Long story short, my favorite group came to my country and the concert was in the city where I lived. My bias always was so talented, funny and so kind to everyone around him. He is so handsome even almost every K-pop fan acknowledge it. This was why he was my bias. I saw him in the concert and after the concert I was so happy.
When I was laying down my father called me and said he saw crowded Koreans staying in the hotel and if I wanted come and see them. I was kinda disappointed because I like K-pop and it doesn't mean I like every Korean person...WAS NOT THE REACTION I GAVE. I was a whole Koreaboo then. So I wanted to at least see them if not taking a picture together.
But after I arrived hotel I couldn't see any Korean around. I walked in the hotel halls around a hour but I didn't see any Korean. It was getting dark and my father finished his job. When he saw my sad face he said he would treat me and took me to an Asian restaurant. We were walking to the metro station to go to the restaurant then suddenly in the corner of an empty park I saw 2 Koreans. I was not sure first since it was dark but then I realized they were my bias and another member. Because they were wearing the same hoodies they wore in airport. I told my father I want to take a selfie with them so he should wait for me. I was slowly and silently getting closer to them. I was so excited and happy. Then my bias made a phone call. This was when things got worse.

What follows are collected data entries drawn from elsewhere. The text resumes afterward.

Lemma slowly_osc_R_asymptotic (f g : R -> R) :
  (forall eps, 0 < eps -> F (fun t => Rabs (f t - g t) <= eps)) ->
  slowly_osc_R F g -> slowly_osc_R F f.
Proof.
  intros Hfg Hg lam Hlam eps Heps.
  pose proof (F_dilate lam Hlam _ (Hfg (eps / 3) ltac:(lra))) as Hclose.
  generalize (filter_and _ _ Hclose (Hg lam Hlam (eps / 3) ltac:(lra))).
  apply filter_imp. intros r [Hc Hosc] t tau Ht Htau.
  pose proof (Hc t Ht). pose proof (Hc tau Htau). pose proof (Hosc t tau Ht Htau).
  replace (f t - f tau) with ((f t - g t) + (g t - g tau) - (f tau - g tau)) by ring.
  pose proof (Rabs_triang (f t - g t + (g t - g tau)) (- (f tau - g tau))).
  pose proof (Rabs_triang (f t - g t) (g t - g tau)).
  rewrite Rabs_Ropp in *. unfold Rminus at 1. lra.
Qed.

Lemma slowly_osc_R_mult (f g : R -> R) B :
  (forall x, 0 < x -> Rabs (f x) <= B) -> (forall x, 0 < x -> Rabs (g x) <= B) ->
  slowly_osc_R F f -> slowly_osc_R F g -> slowly_osc_R F (fun x => f x * g x).
Proof.
  intros Bf Bg Hf Hg lam Hlam eps Heps.
  assert (HB : 0 <= B) by (pose proof (Bf 1 ltac:(lra)); pose proof (Rabs_pos (f 1)); lra).
  set (e := eps / (2 * (B + 1))).
  assert (He : 0 < e) by (apply Rdiv_lt_0_compat; lra).
  assert (Heps_e : eps = 2 * (B + 1) * e) by (unfold e; field; lra).
  generalize (filter_and _ _ F_pos (filter_and _ _ (Hf lam Hlam e He) (Hg lam Hlam e He))).
  apply filter_imp. intros r (Hr & Hfr & Hgr) t tau Ht Htau.
  assert (0 < lam * r) by nra.
  replace (f t * g t - f tau * g tau) with (f t * (g t - g tau) + g tau * (f t - f tau))
    by ring.
  eapply Rle_trans; [apply Rabs_triang|]. rewrite !Rabs_mult.
  pose proof (Hfr t tau Ht Htau). pose proof (Hgr t tau Ht Htau).
  pose proof (Bf t ltac:(lra)). pose proof (Bg tau ltac:(lra)).
  pose proof (Rabs_pos (f t)). pose proof (Rabs_pos (g tau)).
  pose proof (Rabs_pos (g t - g tau)). pose proof (Rabs_pos (f t - f tau)).
  rewrite Heps_e. nra.
Qed.

Lemma slowly_osc_R_lipschitz (f phi : R -> R) c1 c2 L :
  (forall x, 0 < x -> c1 <= f x <= c2) ->
  (forall u v, c1 <= u <= c2 -> c1 <= v <= c2 -> Rabs (phi u - phi v) <= L * Rabs (u - v)) ->
  0 < L -> slowly_osc_R F f -> slowly_osc_R F (fun x => phi (f x)).
Proof.
  intros Bf Hphi HL Hf lam Hlam eps Heps.
  assert (He : 0 < eps / L) by (apply Rdiv_lt_0_compat; lra).
  generalize (filter_and _ _ F_pos (Hf lam Hlam _ He)).
  apply filter_imp. intros r [Hr Hfr] t tau Ht Htau.
  assert (0 < lam * r) by nra.
  eapply Rle_trans; [apply Hphi; apply Bf; lra|].
  replace eps with (L * (eps / L)) by (field; lra).
  apply Rmult_le_compat_l; [lra|]. now apply Hfr.
Qed.

End RealSlowOscillation.

(** * Derivative bounds for [alpha] and the conjugation factor *)

Lemma MVT_Derive (f : R -> R) s t : s < t -> (forall c, s <= c <= t -> ex_derive f c) ->
  exists c, s < c < t /\ f t - f s = Derive f c * (t - s).
Proof.
  intros Hst Hf. destruct (MVT_cor2 f (Derive f) s t Hst) as (c & Hc & Hct).
  - intros c Hc. apply is_derive_Reals, Derive_correct, Hf, Hc.
  - now exists c.
Qed.

Lemma increasing_not_locally_Derive_nonpos (f : R -> R) x :
  (forall u v, 0 < u -> 0 < v -> u < v -> f u < f v) ->
  (forall u, 0 < u -> ex_derive f u) -> 0 < x ->
  ~ locally x (fun y => Derive f y <= 0).
Proof.
  intros Hincr Hf Hx [d Hd].
  destruct (MVT_Derive f x (x + d / 2)) as (c & Hc & Hmvt).
  - pose proof (cond_pos d). lra.
  - intros c Hc. apply Hf. lra.
  - assert (Derive f c <= 0).
    { apply Hd. change (Rabs (c - x) < d). rewrite Rabs_right; lra. }
    assert (f x < f (x + d / 2)) by (apply Hincr; pose proof (cond_pos d); lra).
    pose proof (cond_pos d). nra.
Qed.

(* Rocq's [ln] vanishes on nonpositive reals, so continuity of [ln o f] at a zero of
   [f] forbids [f] from taking small positive values nearby. *)
Lemma locally_nonpos_of_ln_continuous (f : R -> R) x :
  continuous f x -> continuous (fun y => ln (f y)) x -> f x <= 0 ->
  locally x (fun y => f y <= 0).
Proof.
  intros Hf Hlnf [Hneg|Hzero].
  - pose proof (Hf _ (open_lt 0 (f x) Hneg)) as Hnear. unfold filtermap in Hnear.
    generalize Hnear. apply filter_imp. intros y Hy. lra.
  - assert (Hfx : f x < exp (-1)) by (rewrite Hzero; apply exp_pos).
    assert (Hlnfx : -1 < ln (f x)).
    { rewrite Hzero. unfold ln. destruct Rlt_dec as [Habs|_]; [exfalso; lra|lra]. }
    pose proof (Hf _ (open_lt _ _ Hfx)) as Hsmall.
    pose proof (Hlnf _ (open_gt _ _ Hlnfx)) as Hlnbig.
    unfold filtermap in Hsmall, Hlnbig.
    generalize (filter_and _ _ Hsmall Hlnbig). apply filter_imp. intros y [Hy Hlny].
    destruct (Rle_or_lt (f y) 0) as [Hle|Hpos]; [exact Hle|].
    assert (ln (f y) < ln (exp (-1))) by (apply ln_increasing; assumption).
    rewrite ln_exp in *. lra.
Qed.

Lemma exp_le x y : x <= y -> exp x <= exp y.
Proof. intros [Hxy| ->]; [left; now apply exp_increasing|apply Rle_refl]. Qed.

I guess the person on the phone was his girlfriend and they started to argue. I won't give details since it is personal matter but he got too mad at her. He was saying shibal per sentence. He said she would be nothing if it wasn't for him and as a woman she should be thankful to have him because despite having many pretty fangirls he chose her. After the call ended, he started to talk with other member. They smoked and gossip about a staff they met today at the concert. They were talking so rude. I was disappointed and sad so I left and told everything to my dad. Instead of restaurant we went home and I cried all night. I saw my bias's misogynist, rude and smoker side. Do you have an experience like mine?